## What to produce
Using the records below, quote only the span that opens with the line containing "rewrite !col_mx_sub => /and3P[xU yU zU]." and closes with the line containing "- by exists x; rewrite ?mem_pblock.", exactly and inclusively.

## Material to process
──────────────────────────────

(* Let $(A,\to,1)$ be an algebra of type $(2,0)$ satisfying (Re), (M) and (Ex). Then the properties (B), (BB) and ( * ) are pairwise equivalent for $(A,\to,1)$.
   Context: Properties, required for all $x,y,z\in A$: (Re) $x\to x=1$; (M) $1\to x=x$; (Ex) $x\to(y\to z)=y\to(x\to z)$; (B) $(y\to z)\to((x\to y)\to(x\to z))=1$; (BB) $(y\to z)\to((z\to x)\to(y\to x))=1$; ( * ) $y\to z=1$ implies $(x\to y)\to(x\to z)=1$. *)

Definition prop_Re {A : Type} (imp : A -> A -> A) (one : A) : Prop :=
  forall x : A, imp x x = one.

Definition prop_M {A : Type} (imp : A -> A -> A) (one : A) : Prop :=
  forall x : A, imp one x = x.

Definition prop_Ex {A : Type} (imp : A -> A -> A) (one : A) : Prop :=
  forall x y z : A, imp x (imp y z) = imp y (imp x z).

Definition prop_B {A : Type} (imp : A -> A -> A) (one : A) : Prop :=
  forall x y z : A, imp (imp y z) (imp (imp x y) (imp x z)) = one.

Definition prop_BB {A : Type} (imp : A -> A -> A) (one : A) : Prop :=
  forall x y z : A, imp (imp y z) (imp (imp z x) (imp y x)) = one.

Definition prop_star {A : Type} (imp : A -> A -> A) (one : A) : Prop :=
  forall x y z : A, imp y z = one -> imp (imp x y) (imp x z) = one.


(* (B) and (BB) differ only by exchanging the two premises, so (Ex) makes them
   the same identity. (B) gives property star by substituting 1 for [y -> z]
   and using (M). Conversely, star applied to the tautology [y -> ((y -> z) -> z)] = 1 yields
   [(x -> y) -> (x -> ((y -> z) -> z))] = 1, which is (B) after exchanging premises. *)

Section ImplicationAlgebra.

Context {A : Type} {imp : A -> A -> A} {one : A}.

Lemma prop_B_star : prop_M imp one -> prop_B imp one -> prop_star imp one.
Proof.
  intros M H x y z Hyz.
  rewrite <- (H x y z), Hyz, M.
  reflexivity.
Qed.

Hypothesis imp_exchange : prop_Ex imp one.

Lemma prop_B_iff_BB : prop_B imp one <-> prop_BB imp one.
Proof.
  split; intros H x y z; rewrite imp_exchange; apply H.
Qed.

Lemma imp_modus_ponens : prop_Re imp one -> forall y z : A, imp y (imp (imp y z) z) = one.
Proof.
  intros Re y z.
  rewrite imp_exchange.
  apply Re.
Qed.

Lemma prop_star_B : prop_Re imp one -> prop_star imp one -> prop_B imp one.
Proof.
  intros Re H x y z.
  rewrite imp_exchange, <- (imp_exchange x (imp y z) z).
  apply H, imp_modus_ponens, Re.
Qed.

End ImplicationAlgebra.

Theorem theorem2p2 (A : Type) (imp : A -> A -> A) (one : A) :
  prop_Re imp one -> prop_M imp one -> prop_Ex imp one ->
  (prop_B imp one <-> prop_BB imp one) /\
  (prop_BB imp one <-> prop_star imp one) /\
  (prop_B imp one <-> prop_star imp one).
Proof.
  intros Re M Ex.
  assert (B_BB := prop_B_iff_BB Ex).
  assert (B_star : prop_B imp one <-> prop_star imp one).
  { split; [exact (prop_B_star M) | exact (prop_star_B Ex Re)]. }
  split; [exact B_BB |].
  split; [| exact B_star].
  split; intro H.
  - apply B_star, B_BB, H.
  - apply B_BB, B_star, H.
Qed.
(* Signs are absorbed by the choice of a representative: for k <> 0,
   k *: (x - a) is the vector of x or of its partner third a x. *)
Definition signed (k : 'F_3) (x : point) : point := if k == 1 then x else third a x.

Lemma scale_shift k x : k != 0 -> k *: (x - a) = signed k x - a.
Proof.
rewrite /signed; case: (F3_cases k) => -> //= _; first by rewrite ?eqxx scale1r.
by rewrite scaleN1r third_shift.
Qed.

Lemma signed_cover k x : x \in D -> signed k x \in D.
Proof. by rewrite /signed; case: ifP => // _; apply: third_cover. Qed.

Lemma pblock_signed k x : x \in D -> pblock L (signed k x) = pblock L x.
Proof. by rewrite /signed; case: ifP => // _; apply: pblock_third. Qed.

(* Zero sums of vectors x_i - a with the x_i in distinct a-lines of D:
   impossible with one or two terms by disjointness, ... *)
Lemma shift_neq0 x : x \in D -> x - a != 0.
Proof. by move=> xD; rewrite subr_eq0; have [] := pblock_cover xD. Qed.

Lemma shift_sum2 x y : y \in D -> pblock L x != pblock L y -> (x - a) + (y - a) != 0.
Proof.
move=> yD Bxy; have [_ xy'] := pblock_neq yD Bxy.
by apply: contra xy'; rewrite addr_eq0 -third_shift (inj_eq (addIr _)).
Qed.

Hypothesis capD : cap D.

(* ... with three terms by the cap property, ... *)
Lemma shift_sum3 x y z : x \in D -> y \in D -> z \in D ->
  pblock L x != pblock L y -> (x - a) + (y - a) + (z - a) != 0.
Proof.
move=> xD yD zD Bxy; rewrite sum_shift; apply: contra Bxy => /eqP s0.
by rewrite (cap_sum0 capD xD yD zD s0).
Qed.



Section Backward.

Hypothesis one_line :
  forall b : point, b \notin D -> b != a -> (#|lines_in (b |: D)| <= 1)%N.

(* ... and with four terms, under the one-line hypothesis, because
   b = third q0 q1 would lie on the two lines {q0, q1, b} and
   {b, third a q2, third a q3}. *)
Lemma shift_sum4 q0 q1 q2 q3 :
  q0 \in D -> q1 \in D -> q2 \in D -> q3 \in D ->
  pblock L q0 != pblock L q1 -> pblock L q0 != pblock L q2 ->
  pblock L q0 != pblock L q3 -> pblock L q2 != pblock L q3 ->
  (q0 - a) + (q1 - a) + (q2 - a) + (q3 - a) != 0.
Proof.
move=> q0D q1D q2D q3D B01 B02 B03 B23; apply/negP => /eqP s0.
set b := third q0 q1.
have bD : b \notin D.
  by apply: contra B01 => bD; rewrite (cap_sum0 capD q0D q1D bD (sum_third q0 q1)).
have ba : b != a.
  apply: contra B01 => /eqP ba.
  have q1E : q1 = third a q0.
    by rewrite thirdC; apply: sum0_third; rewrite addrAC -ba sum_third.
  by rewrite q1E pblock_third.
have l1E : third b q0 = q1 by rewrite thirdC thirdK.
have l2E : third b (third a q2) = third a q3.
  apply/esym/sum0_third; rewrite -(sum_shift a) !third_shift /b third_sum_shift.
  by rewrite -!opprD s0 oppr0.
have := one_line bD ba; rewrite leqNgt => /negP; apply; apply/card_gt1P.
exists (line_of b q0), (line_of b (third a q2)); split.
- by apply: line_of_in_lines; rewrite ?l1E.
- by apply: line_of_in_lines; rewrite ?l2E ?third_cover.
- apply: contraTneq (_ : q0 \in line_of b q0) => [->|]; last by rewrite !inE eqxx orbT.
  have [_ q02] := pblock_neq q2D B02; have [_ q03] := pblock_neq q3D B03.
  rewrite !inE l2E (negbTE q02) (negbTE q03) !orbF.
  by apply: contraNneq bD => <-.
Qed.

Lemma shift_sum_seq (s : seq point) : all (mem D) s -> uniq (map (pblock L) s) ->
  (0 < size s <= 4)%N -> \sum_(x <- s) (x - a) != 0.
Proof.
case: s => [|q0 [|q1 [|q2 [|q3 [|]]]]] //=; rewrite ?inE ?negb_or ?andbT => sD uB _;
  rewrite !big_cons big_nil addr0.
- exact: shift_neq0.
- by case/andP: sD => _ q1D; apply: shift_sum2 q1D uB.
- case/and3P: sD => q0D q1D q2D; case/andP: uB => /andP[B01 _] _.
  by rewrite addrA shift_sum3.
- case/and4P: sD => q0D q1D q2D q3D.
  case/and3P: uB => /and3P[B01 B02 B03] _ B23.
  by rewrite 2!addrA shift_sum4.
Qed.

Lemma shifted_reps_free (I : finType) (f : I -> point) :
  (#|I| <= 4)%N -> injective (fun i => pblock L (f i)) -> (forall i, f i \in D) ->
  forall k : I -> 'F_3, \sum_i k i *: (f i - a) = 0 -> forall i, k i = 0.
Proof.
move=> I4 injB fD k sum0 i; apply/eqP; apply: contraT => ki.
set S := [pred j | k j != 0].
have sumS : \sum_(j in S) (signed (k j) (f j) - a) = 0.
  rewrite -[RHS]sum0 [RHS](bigID S) [X in _ = _ + X]big1 ?addr0; last first.
    by move=> j /negbNE/eqP->; rewrite scale0r.
  by apply: eq_bigr => j kj; rewrite scale_shift.
have := shift_sum_seq (s := [seq signed (k j) (f j) | j in S]).
rewrite big_image sumS eqxx; apply.
- by apply/allP => _ /mapP[j _ ->]; apply: signed_cover.
- rewrite -map_comp (@eq_map _ _ _ (fun j => pblock L (f j))) ?map_inj_uniq ?enum_uniq //.
  by move=> j /=; apply: pblock_signed.
- rewrite size_map -cardE (leq_trans (max_card _) I4) andbT.
  by apply/card_gt0P; exists i.
Qed.

(* Backward direction: a hyperplane containing four a-lines contains a,
   so four independent vectors would lie in a 3-dimensional subspace. *)
Lemma no_four_cohyperplanar (L' : {set {set point}}) :
  L' \subset L -> #|L'| = 4%N -> ~ cohyperplanar (cover L').
Proof.
move=> subL L'4 [_ [[p [U [rU ->]]] coverH]].
have L'L B : B \in L' -> B \in L := subsetP subL B.
pose rep (B : {set point}) := odflt a [pick x in B].
have repP B : B \in L -> rep B \in B.
  move=> BL; rewrite /rep; case: pickP => //= B0.
  by have := aline_card (alinesL BL); rewrite (eq_card0 B0).
pose f (i : 'I_#|L'|) := rep (enum_val i).
have fB (i : 'I_#|L'|) : f i \in enum_val i := repP _ (L'L _ (enum_valP i)).
have inH x (i : 'I_#|L'|) : x \in enum_val i -> (x - p <= U)%MS.
  by move=> xB; have := subsetP coverH x (mem_cover (enum_valP i) xB); rewrite inE.
have fU (i : 'I_#|L'|) : (f i - a <= U)%MS.
  have [BE _] := aline_third (alinesL (L'L _ (enum_valP i))) (fB i).
  have partnerH : (third a (f i) - p <= U)%MS.
    by apply: (inH _ i); rewrite BE !inE eqxx orbT.
  have := third_sub (inH _ _ (fB i)) partnerH; rewrite [third a _]thirdC thirdK.
  exact: sub_shift (inH _ _ (fB i)).
pose M := \matrix_(i < #|L'|) (f i - a).
have MU : (M <= U)%MS by apply/row_subP => i; rewrite rowK fU.
have freeM : row_free M.
  apply/inj_row_free => v vM0; apply/rowP => i; rewrite mxE.
  apply: (shifted_reps_free (f := f)) => [||j|].
  - by rewrite card_ord L'4.
  - move=> i1 i2 /=.
    by rewrite !(def_pblock trivL (L'L _ (enum_valP _)) (fB _)) => /enum_val_inj.
  - exact: mem_cover (L'L _ (enum_valP j)) (fB j).
  - by rewrite -[RHS]vM0 mulmx_sum_row; apply: eq_bigr => j _; rewrite rowK.
by have := mxrankS MU; rewrite rU (eqP freeM) L'4.
Qed.

End Backward.

Section Forward.

Lemma line_pblocks b x : b \notin D -> b != a -> x \in D -> third b x \in D ->
  pblock L x != pblock L (third b x).
Proof.
move=> bD ba xD yD; apply/eqP => /(same_pblock xD yD) [/eqP|/third_injl/eqP].
  by rewrite third_fix => /eqP bx; rewrite bx xD in bD.
by rewrite (negbTE ba).
Qed.

(* Two distinct lines through b outside D ∪ {a} meet disjoint pairs of
   a-lines: sharing an a-line would create a line inside the cap. *)
Lemma cross_pblocks b x z : b \notin D -> b != a -> x \in D -> z \in D ->
  third b x \in D -> third b z \in D -> z \notin line_of b x -> pblock L x != pblock L z.
Proof.
move=> bD ba xD zD yD wD zl; apply/eqP => Bxz.
have [zx | zE] := same_pblock xD zD Bxz; first by rewrite zx !inE eqxx orbT in zl.
have s0 := third_third_sum a b x; rewrite -zE in s0.
have xE := cap_sum0 capD xD (third_cover yD) wD s0.
by move: (line_pblocks bD ba xD yD); rewrite {1}xE pblock_third ?eqxx.
Qed.

Lemma cover_cohyperplanar (L' : {set {set point}}) (U : 'M['F_3]_4) :
  \rank U = 3%N -> L' \subset L ->
  (forall B, B \in L' -> exists2 x, x \in B & (x - a <= U)%MS) ->
  cohyperplanar (cover L').
Proof.
move=> rU subL repU; exists [set t | (t - a <= U)%MS]; split; first by exists a, U.
apply/subsetP => t /bigcupP[B BL' tB]; rewrite inE.
have [x xB xU] := repU B BL'.
have [BE _] := aline_third (alinesL (subsetP subL B BL')) xB.
by move: tB; rewrite BE !inE => /orP[]/eqP->; rewrite ?third_shift ?eqmx_opp.
Qed.

Definition quad_blocks (x y z w : point) : {set {set point}} :=
  pblock L x |: (pblock L y |: (pblock L z |: [set pblock L w])).

(* The four a-lines met by two lines {b, x, y} and {b, z, w} lie in a
   hyperplane through a: w - a is a combination of x - a, y - a, z - a. *)
Lemma two_lines_cohyperplanar b x z : x \in D -> third b x \in D ->
  z \in D -> third b z \in D ->
  cohyperplanar (cover (quad_blocks x (third b x) z (third b z))).
Proof.
set y := third b x; set w := third b z => xD yD zD wD.
have subL : quad_blocks x y z w \subset L.
  by apply/subsetP => B; rewrite !inE => /or4P[]/eqP->; apply: pblock_mem.
pose M := col_mx (x - a) (col_mx (y - a) (z - a)).
have [U [rU]] := subspace_extend (leq_ltn_trans (rank_leq_row M) (isT : 3 < 4)%N).
rewrite !col_mx_sub => /and3P[xU yU zU].
have bU : (b - a <= U)%MS.
  by have := third_sub xU yU; rewrite /y [third b x]thirdC thirdK.
have wU : (w - a <= U)%MS := third_sub bU zU.
apply: (cover_cohyperplanar rU subL) => B; rewrite !inE => /or4P[]/eqP->.
- by exists x; rewrite ?mem_pblock.
- by exists y; rewrite ?mem_pblock.
- by exists z; rewrite ?mem_pblock.
- by exists w; rewrite ?mem_pblock.
Qed.

Hypothesis nonhyp : forall L' : {set {set point}},
  L' \subset L -> #|L'| = 4%N -> ~ cohyperplanar (cover L').

(* Forward direction: two lines through b would meet four distinct a-lines
   lying in a hyperplane. *)
Lemma at_most_one_line b : b \notin D -> b != a -> (#|lines_in (b |: D)| <= 1)%N.
Proof.
move=> bD ba; rewrite leqNgt; apply/negP => /card_gt1P [l1 [l2 [l1in l2in l12]]].
have [x [xD yD l1E]] := cap_line_in_cone capD bD l1in.
have [z [zD wD l2E]] := cap_line_in_cone capD bD l2in.
have notin_l1 t : t \in D -> line_of b t = l2 -> t \notin line_of b x.
  move=> tD tl2; apply: contra l12 => tl1; rewrite l1E -tl2 (line_of_mem tl1) //.
  by apply: contraNneq bD => <-.
have zl1 := notin_l1 z zD (esym l2E).
have wl1 : third b z \notin line_of b x by apply: notin_l1; rewrite // line_ofC.
set y := third b x in yD wl1 zl1; set w := third b z in wD wl1.
have yK : third b y = x by rewrite thirdK.
have wK : third b w = z by rewrite thirdK.
have Bxy := line_pblocks bD ba xD yD.
have Bzw := line_pblocks bD ba zD wD.
have Bxz := cross_pblocks bD ba xD zD yD wD zl1.
have Bxw : pblock L x != pblock L w by apply: (cross_pblocks bD ba); rewrite ?wK.
have Byz : pblock L y != pblock L z by apply: (cross_pblocks bD ba); rewrite ?yK ?line_ofC.
have Byw : pblock L y != pblock L w by apply: (cross_pblocks bD ba); rewrite ?yK ?wK ?line_ofC.
apply: (nonhyp _ _ (two_lines_cohyperplanar xD yD zD wD)).
  by apply/subsetP => B; rewrite !inE => /or4P[]/eqP->; apply: pblock_mem.
rewrite /quad_blocks !cardsU1 cards1 !inE (negbTE Bxy) (negbTE Bxz) (negbTE Bxw).
by rewrite (negbTE Byz) (negbTE Byw) (negbTE Bzw).
Qed.

End Forward.

End Alines.

Theorem lemma3p4 (a : point) (L : {set {set point}}) :
  #|L| = 5%N -> {in L, forall l, aline a l} -> trivIset L -> cap (cover L) ->
  (demicap a (cover L) <->
   forall b : point, b \notin cover L -> b != a ->
     (#|lines_in (b |: cover L)| <= 1)%N).
Proof.
move=> L5 alinesL trivL capD; split.
- move=> [_ [L0 [_ [alinesL0 [trivL0 [coverE [_ nonhyp]]]]]]] b.
  rewrite -coverE; apply: (at_most_one_line alinesL0 trivL0 _ nonhyp).
  by rewrite coverE.
- move=> one_line; split=> //; exists L; do !split=> //.
    exact: card_cover_alines alinesL trivL L5.
  exact: no_four_cohyperplanar alinesL trivL capD one_line.
Qed.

──────────────────────────────

## Written answer
rewrite !col_mx_sub => /and3P[xU yU zU].
have bU : (b - a <= U)%MS.
  by have := third_sub xU yU; rewrite /y [third b x]thirdC thirdK.
have wU : (w - a <= U)%MS := third_sub bU zU.
apply: (cover_cohyperplanar rU subL) => B; rewrite !inE => /or4P[]/eqP->.
- by exists x; rewrite ?mem_pblock.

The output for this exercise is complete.